An opioid-containing analgesic regimen should be tailored to each patient's needs and based upon the type of pain being treated (acute versus chronic), the route of administration, degree of tolerance for opioids (naive versus chronic user), age, weight, and medical condition. The optimal analgesic dose varies widely among patients; doses should be titrated to pain relief/prevention. When switching patients from buprenorphine to naltrexone, do not initiate naltrexone until 7 to 14 days after buprenorphine discontinuation. No time delay is required when switching patients from buprenorphine to methadone (Kampman [ASAM 2015]).

Reversal of partial opioid agonists or mixed opioid agonist/antagonists (eg, buprenorphine, pentazocine) may be incomplete and large doses of naloxone may be required.
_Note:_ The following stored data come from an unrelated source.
Lemma vscal_cont_at (al : R -> R) (ga : curve) t s : continuity_pt al t -> vcont ga ->
  forall e, 0 < e -> exists d, 0 < d /\ forall t' s', Rabs (t' - t) < d -> Rabs (s' - s) < d ->
    vnorm (vsub (vscal (al t') (ga s')) (vscal (al t) (ga s))) <= e.
Proof.
  intros Ha Hg e He.
  set (K := vnorm (ga s) + 1). assert (HK : 0 < K) by (unfold K; pose proof (vnorm_ge0 (ga s)); lra).
  set (A := Rabs (al t) + 1). assert (HA : 0 < A) by (unfold A; pose proof (Rabs_pos (al t)); lra).
  destruct (vcont_eps ga s Hg 1) as [d1 [Hd1 D1]]; [lra|].
  destruct (continuity_pt_eps al t Ha (e / (2 * K))) as [d2 [Hd2 D2]]; [apply Rdiv_lt_0_compat; lra|].
  destruct (vcont_eps ga s Hg (e / (2 * A))) as [d3 [Hd3 D3]]; [apply Rdiv_lt_0_compat; lra|].
  exists (Rmin d1 (Rmin d2 d3)). split; [repeat apply Rmin_pos; auto|].
  intros t' s' Ht Hs.
  pose proof (Rmin_l d1 (Rmin d2 d3)); pose proof (Rmin_r d1 (Rmin d2 d3));
    pose proof (Rmin_l d2 d3); pose proof (Rmin_r d2 d3).
  specialize (D1 s' ltac:(lra)). specialize (D2 t' ltac:(lra)). specialize (D3 s' ltac:(lra)).
  pose proof (vnorm_le_add_sub (ga s') (ga s)).
  eapply Rle_trans; [apply vnorm_scal_sub_le|].
  pose proof (Rabs_pos (al t' - al t)). pose proof (Rabs_pos (al t)).
  pose proof (vnorm_ge0 (ga s')). pose proof (vnorm_ge0 (vsub (ga s') (ga s))).
  assert (Rabs (al t' - al t) * vnorm (ga s') <= e / 2).
  { apply Rle_trans with (e / (2 * K) * K); [apply Rmult_le_compat; unfold K in *; lra | right; field; lra]. }
  assert (Rabs (al t) * vnorm (vsub (ga s') (ga s)) <= e / 2).
  { apply Rle_trans with (A * (e / (2 * A))); [apply Rmult_le_compat; unfold A in *; lra | right; field; lra]. }
  lra.
Qed.
Lemma lpsP w : exists k, [/\ k <= size w, lps w = drop k w, palindrome (drop k w)
  & forall j, j <= size w -> palindrome (drop j w) -> k <= j].
Proof.
set P := fun i => palindrome (drop i w).
have has_pal : has P (iota 0 (size w).+1).
  by apply/hasP; exists (size w); [rewrite mem_iota add0n ltnSn | rewrite /P /= drop_size].
have := has_pal; rewrite has_find size_iota ltnS => find_le.
exists (find P (iota 0 (size w).+1)); split => //.
- by have := nth_find 0 has_pal; rewrite nth_iota.
- move=> j le_jw Pj; rewrite leqNgt; apply/negP => lt_j.
  by have := before_find 0 lt_j; rewrite nth_iota ?add0n ?ltnS // /P Pj.
Qed.

Lemma occurs_at_size s x t : occurs_at s x t -> t + size s <= size x.
Proof. by case/andP. Qed.

Lemma occ_eq1_uniq s x t1 t2 :
  occ s x = 1 -> occurs_at s x t1 -> occurs_at s x t2 -> t1 = t2.
Proof.
move=> occ1 occ_t1 occ_t2; apply/eqP; apply: contraFT (ltnn 1) => ne_t12.
have in_occs t : occurs_at s x t -> t \in filter (occurs_at s x) (iota 0 (size x).+1).
  by move=> occ_t; rewrite mem_filter occ_t mem_iota /=; have := occurs_at_size occ_t; lia.
rewrite -{2}occ1 /occ -size_filter.
apply: (uniq_leq_size (s1 := [:: t1; t2])); first by rewrite /= inE ne_t12.
by move=> t; rewrite !inE => /orP[] /eqP->; apply: in_occs.
Qed.

Lemma occ_eq1 s x k :
  occurs_at s x k -> (forall t, occurs_at s x t -> t = k) -> occ s x = 1.
Proof.
move=> occ_k uniq_k; rewrite /occ (@eq_in_count _ _ (pred1 k)).
  rewrite count_uniq_mem ?iota_uniq // mem_iota /=.
  by have := occurs_at_size occ_k; case: ltnP => //; lia.
by move=> t _ /=; apply/idP/eqP => [/uniq_k | ->].
Qed.

Lemma rev_mem_word_or_rev w x : x \in [:: w; rev w] -> rev x \in [:: w; rev w].
Proof. by rewrite !inE => /orP[]/eqP->; rewrite ?revK eqxx ?orbT. Qed.

Lemma mem_word_or_rev_sym w x y :
  x \in [:: w; rev w] -> y \in [:: w; rev w] -> x \in [:: y; rev y].
Proof. by rewrite !inE => /orP[]/eqP-> /orP[]/eqP->; rewrite ?revK eqxx ?orbT. Qed.

Definition occurs_or_rev_at w x t := occurs_at w x t || occurs_at (rev w) x t.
In patients undergoing elective surgery (excluding caesarean section), discontinuation of buprenorphine 24 to 36 hours before anticipated need for surgical anesthesia may be considered. Short-acting opioids may be given during and/or after surgery. In patients unable to abruptly discontinue buprenorphine prior to surgery, full opioid agonists may be added to the buprenorphine to maintain proper anesthesia; however, increased doses may be required to overcome buprenorphine receptor blockade. If opioid therapy is required as part of anesthesia, patients should be continuously monitored in an anesthesia care setting by persons not involved in in the conduct of the surgical or diagnostic procedure. This guidance applies to anyone who has been treated with extended release buprenorphine injection within the past 6 months. The decision whether to discontinue buprenorphine prior to elective surgery should be made in consultation with the surgeon and anesthesiologist (Kampman [ASAM 2015]).
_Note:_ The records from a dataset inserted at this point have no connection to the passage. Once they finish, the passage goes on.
Lemma not_incl_ex S T : ~ incl S T -> exists x, S x /\ ~ T x.
Proof.
by move=> ns; apply: NNPP => h; apply: ns => x Sx; apply: NNPP => nx; apply: h; exists x.
Qed.

Definition is_basis S s := seq_free s /\ same_space S (seq_span s).

Lemma extend_basis S s : subspace S -> seq_free s -> {in s, forall x, S x} ->
  exists r, is_basis S (r ++ s).
Proof.
move=> hS; move: {2}(N - size s)%N (leqnn (N - size s)) => k.
elim: k s => [|k IH] s hk hs sS;
  case: (classic (incl S (seq_span s))) => [Ss|/not_incl_ex [x [Sx nx]]];
  try by exists [::]; split => // x; split; [apply: Ss | apply: seq_span_min].
all: have /= hsz := size_seq_free (proj2 (seq_free_cons x s) (conj nx hs)).
  by move: hk hsz; clear; lia.
have [|||r hr] := IH (x :: s); first by rewrite /=; move: hk hsz; clear; lia.
- exact/seq_free_cons.
- by move=> y; rewrite inE => /orP[/eqP->|/sS].
by exists (rcons r x); rewrite cat_rcons.
Qed.

Lemma exists_basis S : subspace S -> exists s, is_basis S s.
Proof. by move=> hS; have [||r] := @extend_basis S [::] hS => //; exists (r ++ [::]). Qed.

Lemma is_basis_subspace S s : is_basis S s -> subspace S.
Proof. by case=> _ e; apply: subspace_ext e (subspace_seq_span s). Qed.

Lemma basis_size S s t : is_basis S s -> is_basis S t -> size s = size t.
Proof.
move=> [hs es] [ht et]; apply/eqP; rewrite eqn_leq.
by rewrite (steinitz hs) ?(steinitz ht) // => x /mem_seq_span; [move/et/es | move/es/et].
Qed.

(* Junk value when [S] has no basis, i.e. is not a subspace. *)
Definition vdim S : nat := epsilon (inhabits 0%N) (fun d => exists s, is_basis S s /\ size s = d).

Lemma vdim_basis S s : is_basis S s -> vdim S = size s.
Proof.
move=> hs; have [t [ht <-]] : exists t, is_basis S t /\ size t = vdim S.
  by apply: (epsilon_spec (inhabits 0%N) (fun d => exists s, is_basis S s /\ size s = d));
    exists (size s), s.
exact: basis_size ht hs.
Qed.

Lemma vdim_seq_span s : seq_free s -> vdim (seq_span s) = size s.
Proof. by move=> hs; apply: vdim_basis. Qed.

Lemma vdim_ext S T : subspace S -> same_space S T -> vdim S = vdim T.
Proof.
move=> hS e; have [s [hs es]] := exists_basis hS.
by rewrite (vdim_basis (conj hs es)) (@vdim_basis T s) // ; split => // x; rewrite -e.
Qed.

Lemma vdim_le S T : subspace S -> subspace T -> incl S T -> (vdim S <= vdim T)%N.
Proof.
move=> hS hT st; have [s hs] := exists_basis hS; have [t ht] := exists_basis hT.
rewrite (vdim_basis hs) (vdim_basis ht); apply: steinitz; first by case: hs.
by move=> x /mem_seq_span /(hs.2 x) /st /(ht.2 x).
Qed.

Lemma incl_of_vdim S T : subspace S -> subspace T -> incl S T ->
  (vdim T <= vdim S)%N -> incl T S.
Proof.
move=> hS hT st le; have [s [hs es]] := exists_basis hS.
have [r [hr er]] := extend_basis hT hs (fun x hx => st x ((es x).2 (mem_seq_span hx))).
move: le; rewrite (vdim_basis (conj hr er)) (vdim_basis (conj hs es)) size_cat.
case: r {hr} er => [|? ?] er; last by rewrite /=; clear; lia.
by move=> _ x /er /es.
Qed.

Lemma vdim_lt S T x : subspace S -> subspace T -> incl S T -> T x -> ~ S x ->
  (vdim S < vdim T)%N.
Proof.
move=> hS hT st Tx nSx; rewrite ltnNge; apply/negP => le.
exact: nSx (incl_of_vdim hS hT st le Tx).
Qed.

Lemma vdim_meetC S T : subspace S -> subspace T -> vdim (meet S T) = vdim (meet T S).
Proof. by move=> hS hT; apply: vdim_ext; [exact: subspace_meet | move=> x; split; case]. Qed.

Lemma vdim_meet_idl S T : subspace S -> subspace T -> incl S T -> vdim (meet S T) = vdim S.
Proof.
move=> hS hT st; apply: vdim_ext; first exact: subspace_meet.
by move=> x; split; [case | split => //; apply: st].
Qed.

Lemma vdim_adjoin S x : subspace S -> ~ S x -> vdim (adjoin S x) = (vdim S).+1.
Proof.
move=> hS nx; have [s [hs es]] := exists_basis hS.
rewrite (vdim_basis (conj hs es)) (@vdim_basis _ (x :: s)) //; split.
  by apply/seq_free_cons; split => // /es.
exact: adjoin_ext.
Qed.

Lemma vdim_full : vdim (fun _ : V => True) = N.
Proof.
rewrite (@vdim_basis _ std_basis) ?size_fam_seq //.
by split; [exact: seq_free_std_basis | move=> x; split => // _; apply: seq_span_std_basis].
Qed.

Lemma vdim_leN S : subspace S -> (vdim S <= N)%N.
Proof. by move=> hS; rewrite -vdim_full; apply: vdim_le. Qed.

Lemma exists_notin S : subspace S -> (vdim S < N)%N -> exists w, ~ S w.
Proof.
move=> hS lt; apply: NNPP => h; move: lt; rewrite -vdim_full ltnNge => /negP; apply.
by apply: vdim_le => // x _; apply: NNPP => nx; apply: h; exists x.
Qed.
Concurrent use of opioid agonist/antagonist analgesics may precipitate withdrawal symptoms and/or reduced analgesic efficacy in patients following prolonged therapy with mu opioid agonists. Abrupt discontinuation following prolonged use may also lead to withdrawal symptoms and is not recommended; taper dose gradually when discontinuing. Withdrawal signs and symptoms will be delayed in patients who discontinue the extended-release injection or have it removed; transmucosal buprenorphine may be needed to treat withdrawal in these patients. Tablets, which are used for induction treatment of opioid dependence, should not be started until objective and clear signs of moderate withdrawal are evident. If subdermal implants are not immediately replaced in contralateral arm after removal, maintain patients on their previous dosage of sublingual buprenorphine.